Supplied data
[Start of section]
(* Let $H$ be a monoid satisfying the ascending chain condition on principal ideals. Then the following hold: $1r\Rightarrow 0r$, $2r\Rightarrow 1r$, $2r\Leftrightarrow 3r$, $3r\Leftrightarrow 6r$, $6r\Leftrightarrow 5r$, $5r\Rightarrow 4r$, $5r\Rightarrow 5'r$, $4r\Rightarrow 4'r$, $1r\Rightarrow 1s$, $2r\Rightarrow 2s$, $5r\Rightarrow 5s$, $4r\Rightarrow 4s$, $2s\Rightarrow 5s$, $5's\Rightarrow 2s$.
   Context: A monoid means a commutative cancellative monoid (written multiplicatively); $H^{\ast}$ is its unit group, $\mathbb{N}=\{1,2,\dots\}$, $\mathbb{N}_0=\{0,1,2,\dots\}$. ACCP: every ascending chain of principal ideals of $H$ stabilizes. Elements are relatively prime ($a\perp b$) if all their common divisors are units. $\mathrm{Sqf}\,H$: elements not of the form $b^2c$ with $b\notin H^{\ast}$. $\mathrm{Gpr}\,H$: elements $r$ such that $r\mid b^n$ ($n\in\mathbb{N}$) implies $r\mid b$. Let $S$ stand for $\mathrm{Sqf}\,H$ (suffix s) or $\mathrm{Gpr}\,H$ (suffix r). For every $a\in H$: (0) there are $n\in\mathbb{N}$, $s_1,\dots,s_n\in S$ with $a=s_1\cdots s_n$; (1) there are $n\in\mathbb{N}$, $s_1,\dots,s_n\in S$ with $s_i\perp s_j$ for $i\ne j$ and $a=s_1s_2^2\cdots s_n^n$; (2) there are $n\in\mathbb{N}$, $s_1,\dots,s_n\in S$ with $s_i\mid s_{i+1}$ ($i<n$) and $a=s_1\cdots s_n$; (3) there are $n\in\mathbb{N}_0$, $s_0,\dots,s_n\in S$ with $a=s_0s_1^2s_2^{2^2}\cdots s_n^{2^n}$; (4) there are $b\in H$, $c\in S$ with $b\perp c$, $a=bc$, and some $d\in S$ with $d^2\mid b$ and $b\mid d^n$ for some $n\in\mathbb{N}$; (4') there are $b\in H$, $c\in S$ with $b\perp c$, $a=bc$, and for every $d\in S$, $d\mid b$ implies $d^2\mid b$; (5) there are $b\in H$, $c\in S$ with $a=bc$ and $a\mid c^n$ for some $n\in\mathbb{N}$; (5') there are $b\in H$, $c\in S$ with $a=bc$ and for every $d\in S$, $d\mid a$ implies $d\mid c$; (6) there are $b\in H$, $c\in S$ with $a=b^2c$. Condition $ks$ (resp. $kr$) is $(k)$ with $S=\mathrm{Sqf}\,H$ (resp. $S=\mathrm{Gpr}\,H$). *)

From Stdlib Require Import Arith.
[End of section]
What you are asked to do
Print every line of the material above exactly.

Exercise solution
(* Let $H$ be a monoid satisfying the ascending chain condition on principal ideals. Then the following hold: $1r\Rightarrow 0r$, $2r\Rightarrow 1r$, $2r\Leftrightarrow 3r$, $3r\Leftrightarrow 6r$, $6r\Leftrightarrow 5r$, $5r\Rightarrow 4r$, $5r\Rightarrow 5'r$, $4r\Rightarrow 4'r$, $1r\Rightarrow 1s$, $2r\Rightarrow 2s$, $5r\Rightarrow 5s$, $4r\Rightarrow 4s$, $2s\Rightarrow 5s$, $5's\Rightarrow 2s$.
   Context: A monoid means a commutative cancellative monoid (written multiplicatively); $H^{\ast}$ is its unit group, $\mathbb{N}=\{1,2,\dots\}$, $\mathbb{N}_0=\{0,1,2,\dots\}$. ACCP: every ascending chain of principal ideals of $H$ stabilizes. Elements are relatively prime ($a\perp b$) if all their common divisors are units. $\mathrm{Sqf}\,H$: elements not of the form $b^2c$ with $b\notin H^{\ast}$. $\mathrm{Gpr}\,H$: elements $r$ such that $r\mid b^n$ ($n\in\mathbb{N}$) implies $r\mid b$. Let $S$ stand for $\mathrm{Sqf}\,H$ (suffix s) or $\mathrm{Gpr}\,H$ (suffix r). For every $a\in H$: (0) there are $n\in\mathbb{N}$, $s_1,\dots,s_n\in S$ with $a=s_1\cdots s_n$; (1) there are $n\in\mathbb{N}$, $s_1,\dots,s_n\in S$ with $s_i\perp s_j$ for $i\ne j$ and $a=s_1s_2^2\cdots s_n^n$; (2) there are $n\in\mathbb{N}$, $s_1,\dots,s_n\in S$ with $s_i\mid s_{i+1}$ ($i<n$) and $a=s_1\cdots s_n$; (3) there are $n\in\mathbb{N}_0$, $s_0,\dots,s_n\in S$ with $a=s_0s_1^2s_2^{2^2}\cdots s_n^{2^n}$; (4) there are $b\in H$, $c\in S$ with $b\perp c$, $a=bc$, and some $d\in S$ with $d^2\mid b$ and $b\mid d^n$ for some $n\in\mathbb{N}$; (4') there are $b\in H$, $c\in S$ with $b\perp c$, $a=bc$, and for every $d\in S$, $d\mid b$ implies $d^2\mid b$; (5) there are $b\in H$, $c\in S$ with $a=bc$ and $a\mid c^n$ for some $n\in\mathbb{N}$; (5') there are $b\in H$, $c\in S$ with $a=bc$ and for every $d\in S$, $d\mid a$ implies $d\mid c$; (6) there are $b\in H$, $c\in S$ with $a=b^2c$. Condition $ks$ (resp. $kr$) is $(k)$ with $S=\mathrm{Sqf}\,H$ (resp. $S=\mathrm{Gpr}\,H$). *)

From Stdlib Require Import Arith.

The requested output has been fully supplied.